🤖 AI Summary
This work identifies a temporal division of labor between cross-attention and self-attention in text-conditioned diffusion models: cross-attention converges rapidly in early denoising steps, while self-attention dominates fine-grained detail modeling in later steps. Leveraging this observation, we propose Temporal Gated Attention (TGATE), a training-free, plug-and-play method that caches and reuses cross-attention outputs from critical early steps to eliminate redundant computation. TGATE requires no architectural modification or model retraining and is compatible with mainstream text-to-image diffusion models. Experiments demonstrate 10–50% inference speedup across multiple state-of-the-art models—including Stable Diffusion v1.5, SDXL, and PixArt-α—without compromising generation quality, as validated by both quantitative metrics (FID, CLIP-Score) and human evaluation. The implementation is publicly available.
📝 Abstract
We explore the role of attention mechanism during inference in text-conditional diffusion models. Empirical observations suggest that cross-attention outputs converge to a fixed point after several inference steps. The convergence time naturally divides the entire inference process into two phases: an initial phase for planning text-oriented visual semantics, which are then translated into images in a subsequent fidelity-improving phase.

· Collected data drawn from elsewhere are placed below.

(* Step function: points 0_K = a = s_0 < s_1 < ... < s_n = 1_K (the list
   a :: s), with S constant on each open interval (s_{k-1}, s_k). *)
Definition step_fun {d} {K : orderTopologicalType d} {R : realType}
  (S : K -> R) : Prop :=
  exists (a : K) (s : seq K),
    sorted (fun u v => (u < v)%O) (a :: s) /\
    (forall x : K, (a <= x)%O) /\
    (forall x : K, (x <= last a s)%O) /\
    forall k : nat, (k < size s)%N ->
      exists c : R, forall x : K,
        (nth a (a :: s) k < x)%O -> (x < nth a (a :: s) k.+1)%O -> S x = c.

Definition borel_set {d} {K : orderTopologicalType d} (A : set K) : Prop :=
  <<s [set U : set K | open U] >> A.

Definition borel_measurable {d} {K : orderTopologicalType d} {R : realType}
  (G : K -> R) : Prop :=
  forall B : set R, measurable B -> borel_set (G @^-1` B).

From HB Require Import structures.
From mathcomp Require Import all_boot all_order all_algebra.
From mathcomp Require Import all_classical all_reals all_analysis.
Import Order.TTheory GRing.Theory Num.Theory numFieldNormedType.Exports.
Local Open Scope classical_set_scope.
Local Open Scope ring_scope.
Set Implicit Arguments. Unset Strict Implicit. Unset Printing Implicit Defensive.

(* Fix e > 0.  At each x, regularity gives an open interval around x on whose
   left part G stays e-close to a constant (its left limit, or anything if x
   has an immediate predecessor) and on whose right part G stays e-close to
   G x; the interval is unbounded on a side only at an end point of K.
   Compactness picks finitely many such windows.  Their centres and end points
   cut K into finitely many open cells, each lying on one side of some centre,
   so G oscillates by less than 2e on every cell: keeping G at the nodes and
   freezing it on each cell gives a step function within 2e of G.  Step
   functions are Borel (cells are open intervals, nodes are closed points),
   hence so is their pointwise limit G. *)

Section OrderTopology.
Context {d : Order.disp_t} {K : orderTopologicalType d}.
Local Open Scope order_scope.

Lemma nbhs_left_itv (x : K) (P : set K) : (exists y, y < x) -> nbhs x P ->
  exists2 a, a < x & forall y, a < y -> y <= x -> P y.
Proof.
move=> [y0 y0x]; rewrite itv_nbhsE => -[[l u] [oe]].
rewrite itv_boundlr => /andP[lx xu] sub.
have Pl y : l <= BLeft y -> y <= x -> P y.
  move=> ly yx; apply: sub; rewrite /= itv_boundlr ly /=.
  by apply: le_trans xu; rewrite bnd_simp.
clear sub; case: l oe lx Pl => [b a|b] oe lx Pl.
  rewrite (itv_open_ends_lside oe) bnd_simp in lx Pl.
  by exists a => // y ay; apply: Pl; rewrite bnd_simp.
by exists y0 => // y _; apply: Pl; rewrite (itv_open_ends_linfty oe).
Qed.

Lemma nbhs_right_itv (x : K) (P : set K) : (exists y, x < y) -> nbhs x P ->
  exists2 b, x < b & forall y, x <= y -> y < b -> P y.
Proof.
move=> [y0 xy0]; rewrite itv_nbhsE => -[[l u] [oe]].
rewrite itv_boundlr => /andP[lx xu] sub.
have Pu y : BRight y <= u -> x <= y -> P y.
  move=> yu xy; apply: sub; rewrite /= itv_boundlr yu andbT.
  by apply: le_trans lx _; rewrite bnd_simp.
clear sub; case: u oe xu Pu => [b a|b] oe xu Pu.
  rewrite (itv_open_ends_rside oe) bnd_simp in xu Pu.
  by exists a => // y xy ya; apply: Pu; rewrite ?bnd_simp.
by exists y0 => // y xy _; apply: Pu; rewrite ?(itv_open_ends_rinfty oe).
Qed.

End OrderTopology.

Section Nodes.
Context {d : Order.disp_t} {T : orderType d}.
Local Open Scope order_scope.
Implicit Types (a p z : T) (s : seq T).

Local Notation node a s k := (nth a (a :: s) k).

Lemma head_le_node a s p : sorted <%O (a :: s) -> p \in a :: s -> a <= p.
Proof.
move=> sorted_as; rewrite inE => /orP[/eqP->//|ps].
by have /allP := order_path_min lt_trans sorted_as; move/(_ p ps)/ltW.
Qed.

Lemma node_le_last a s p : sorted <%O (a :: s) -> p \in a :: s -> p <= last a s.
Proof.
move=> sorted_as ps; rewrite (last_nth a) -(nth_index a ps).
by rewrite (lt_sorted_leq_nth a sorted_as) ?inE ?index_mem // -ltnS index_mem.
Qed.

Lemma node_outside_gap a s k p :
  sorted <%O (a :: s) -> (k < size s)%N -> p \in a :: s ->
  p <= node a s k \/ node a s k.+1 <= p.
Proof.
move=> sorted_as ks ps; rewrite -(nth_index a ps).
have leq_node i j : (i < size (a :: s))%N -> (j < size (a :: s))%N ->
    (node a s i <= node a s j) = (i <= j)%N.
  by move=> ? ?; apply: lt_sorted_leq_nth.
have pi : (index p (a :: s) < size (a :: s))%N by rewrite index_mem.
case: (leqP (index p (a :: s)) k) => ik.
  by left; rewrite leq_node //= ltnS ltnW.
by right; rewrite leq_node.
Qed.

Lemma node_or_gap a s z : sorted <%O (a :: s) -> a <= z -> z <= last a s ->
  z \in a :: s \/ exists2 k, (k < size s)%N & node a s k < z < node a s k.+1.
Proof.
elim: s a => [|b t IH] c /= sorted_ct cz zl.
  by left; rewrite inE eq_le cz zl.
move/andP: sorted_ct => [cb sorted_bt].
have [->|zc] := eqVneq z c; first by left; rewrite mem_head.
have [zb|bz] := ltP z b.
  by right; exists 0%N => //; rewrite zb andbT lt_neqAle eq_sym zc cz.
case: (IH b sorted_bt bz zl) => [zbt|[k kt gap]].
  by left; rewrite inE zbt orbT.
by right; exists k.+1; rewrite /= ?(set_nth_default b c) // ltnS ltnW.
Qed.

End Nodes.

Section Cells.
Context {d : Order.disp_t} {K : orderTopologicalType d} {R : realType}.
Local Open Scope order_scope.
Implicit Types (a p x y z w : K) (s t : seq K) (G : K -> R).

Local Notation node a s k := (nth a (a :: s) k).

Definition cell t z : set K :=
  [set w | w \notin t /\ forall p, p \in t -> (p < z) = (p < w)].

Lemma gap_notin_nodes a s k z : sorted <%O (a :: s) -> (k < size s)%N ->
  node a s k < z < node a s k.+1 -> z \notin a :: s.
Proof.
move=> sorted_as ks /andP[kz zk]; apply/negP.
move=> /(node_outside_gap sorted_as ks) [zk'|kz'].
  by move: (lt_le_trans kz zk'); rewrite ltxx.
by move: (lt_le_trans zk kz'); rewrite ltxx.
Qed.

Lemma gap_node_ltE a s k z p : sorted <%O (a :: s) -> (k < size s)%N ->
  node a s k < z < node a s k.+1 -> p \in a :: s -> (p < z) = (p <= node a s k).
Proof.
move=> sorted_as ks /andP[kz zk] /(node_outside_gap sorted_as ks) [pk|kp].
  by rewrite pk (le_lt_trans pk kz).
have pz : z < p := lt_le_trans zk kp.
by rewrite (lt_gtF pz) (lt_geF (lt_trans kz pz)).
Qed.

Lemma cell_gapE a s k x y : sorted <%O (a :: s) -> (k < size s)%N ->
  node a s k < x < node a s k.+1 -> node a s k < y < node a s k.+1 ->
  cell (a :: s) x = cell (a :: s) y.
Proof.
move=> sorted_as ks gap_x gap_y.
apply/seteqP; split => w [wt wE]; split => // p pt;
  by rewrite -wE // (gap_node_ltE sorted_as ks gap_x) //
             (gap_node_ltE sorted_as ks gap_y).
Qed.

Definition cell_step G t x0 z : R :=
  if z \in t then G z else G (xget x0 (cell t z)).

Lemma step_fun_cell_step G a s : sorted <%O (a :: s) ->
  (forall z, a <= z) -> (forall z, z <= last a s) ->
  step_fun (cell_step G (a :: s) a).
Proof.
move=> sorted_as amin lmax; exists a, s; do 3!split => //; move=> k ks.
have [[x0 gap_x0]|no_gap] := pselect (exists x0, node a s k < x0 < node a s k.+1).
  exists (cell_step G (a :: s) a x0) => x kx xk.
  have gap_x : node a s k < x < node a s k.+1 by rewrite kx xk.
  rewrite /cell_step (cell_gapE sorted_as ks gap_x gap_x0).
  by rewrite (negbTE (gap_notin_nodes sorted_as ks gap_x))
     (negbTE (gap_notin_nodes sorted_as ks gap_x0)).
by exists 0%R => x kx xk; case: no_gap; exists x; rewrite kx xk.
Qed.

Lemma cell_gt p z w t : p \in t -> p < z -> cell t z w -> p < w.
Proof. by move=> pt pz [_ wE]; rewrite -wE. Qed.

Lemma cell_lt p z w t : p \in t -> z < p -> cell t z w -> w < p.
Proof.
move=> pt zp [wt wE]; rewrite lt_neqAle leNgt -wE // (lt_gtF zp) andbT.
by apply: contraNneq wt => ->.
Qed.

Lemma cell_step_approx G t x0 (e : R) : (0 < e)%R ->
  (forall z, z \notin t -> exists c, forall w, cell t z w -> (`|G w - c| < e)%R) ->
  forall z, (`|G z - cell_step G t x0 z| < e + e)%R.
Proof.
move=> e_gt0 cell_osc z; rewrite /cell_step; case: ifPn => zt.
  by rewrite subrr normr0 addr_gt0.
have [c Gc] := cell_osc z zt.
have cell_z_z : cell t z z by split.
have /Gc Gw : cell t z (xget x0 (cell t z)) by apply: xgetPex; exists z.
rewrite -(subrK c (G z)) -addrA; apply: le_lt_trans (ler_normD _ _) _.
by rewrite ltrD // ?Gc // distrC.
Qed.

End Cells.

Section Windows.
Context {d : Order.disp_t} {K : orderTopologicalType d} {R : realType}.
Local Open Scope order_scope.
Implicit Types (x y z : K) (G : K -> R) (e : R).

Definition above (a : option K) y : Prop := if a is Some a then a < y else True.
Definition below (b : option K) y : Prop := if b is Some b then y < b else True.

Record window := Window { lo : option K; hi : option K; left_lim : R }.

Definition in_window (w : window) y := above (lo w) y /\ below (hi w) y.

Definition good_window G e x (w : window) := [/\ in_window w x,
  lo w = None -> forall y, ~ y < x, hi w = None -> forall y, ~ x < y,
  forall y, above (lo w) y -> y < x -> (`|G y - left_lim w| < e)%R &
  forall y, below (hi w) y -> x < y -> (`|G y - G x| < e)%R].

Lemma regulated_left_window G e x : regulated G -> (0 < e)%R ->
  exists a c, [/\ above a x, a = None -> forall y, ~ y < x &
                  forall y, above a y -> y < x -> (`|G y - c| < e)%R].
Proof.
move=> [G_left _] e_gt0.
have [x_not_min|x_min] := pselect (exists y, y < x); last first.
  by exists None, 0%R; split => // [_ y yx|y _ yx]; case: x_min; exists y.
have [[p [px no_between]]|no_pred] := pselect (exists p, imm_pred p x).
  by exists (Some p), 0%R; split => // y py yx; case: no_between; exists y.
have [l /cvgrPdist_lt /(_ e e_gt0)] := G_left x (conj x_not_min no_pred).
rewrite near_withinE => /(nbhs_left_itv x_not_min) [a ax near_l].
by exists (Some a), l; split => // y ay yx; rewrite distrC near_l // ltW.
Qed.

Lemma regulated_right_window G e x : regulated G -> (0 < e)%R ->
  exists b, [/\ below b x, b = None -> forall y, ~ x < y &
               forall y, below b y -> x < y -> (`|G y - G x| < e)%R].
Proof.
move=> [_ G_right] e_gt0.
have [x_not_max|x_max] := pselect (exists y, x < y); last first.
  by exists None; split => // [_ y xy|y _ xy]; case: x_max; exists y.
have [[p [xp no_between]]|no_succ] := pselect (exists p, imm_pred x p).
  by exists (Some p); split => // y yp xy; case: no_between; exists y.
have /cvgrPdist_lt /(_ e e_gt0) := G_right x (conj x_not_max no_succ).
rewrite near_withinE => /(nbhs_right_itv x_not_max) [b xb near_Gx].
by exists (Some b); split => // y yb xy; rewrite distrC near_Gx // ltW.
Qed.

Lemma regulated_good_window G e x : regulated G -> (0 < e)%R ->
  exists w, good_window G e x w.
Proof.
move=> rG e_gt0.
have [a [c [xa a_min Gc]]] := regulated_left_window x rG e_gt0.
have [b [xb b_max Gb]] := regulated_right_window x rG e_gt0.
by exists (Window a b c).
Qed.

Lemma open_in_window (w : window) : open (in_window w).
Proof.
apply: openI.
  case: (lo w) => [a|] /=; last exact: openT.
  by have := rray_open a; rewrite set_itvE.
case: (hi w) => [b|] /=; last exact: openT.
by have := lray_open b; rewrite set_itvE.
Qed.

Cross-attention is essential in the initial phase but almost irrelevant thereafter. However, self-attention initially plays a minor role but becomes crucial in the second phase. These findings yield a simple and training-free method known as temporally gating the attention (TGATE), which efficiently generates images by caching and reusing attention outputs at scheduled time steps. Experimental results show when widely applied to various existing text-conditional diffusion models, TGATE accelerates these models by 10%-50%. The code of TGATE is available at https://github.com/HaozheLiu-ST/T-GATE.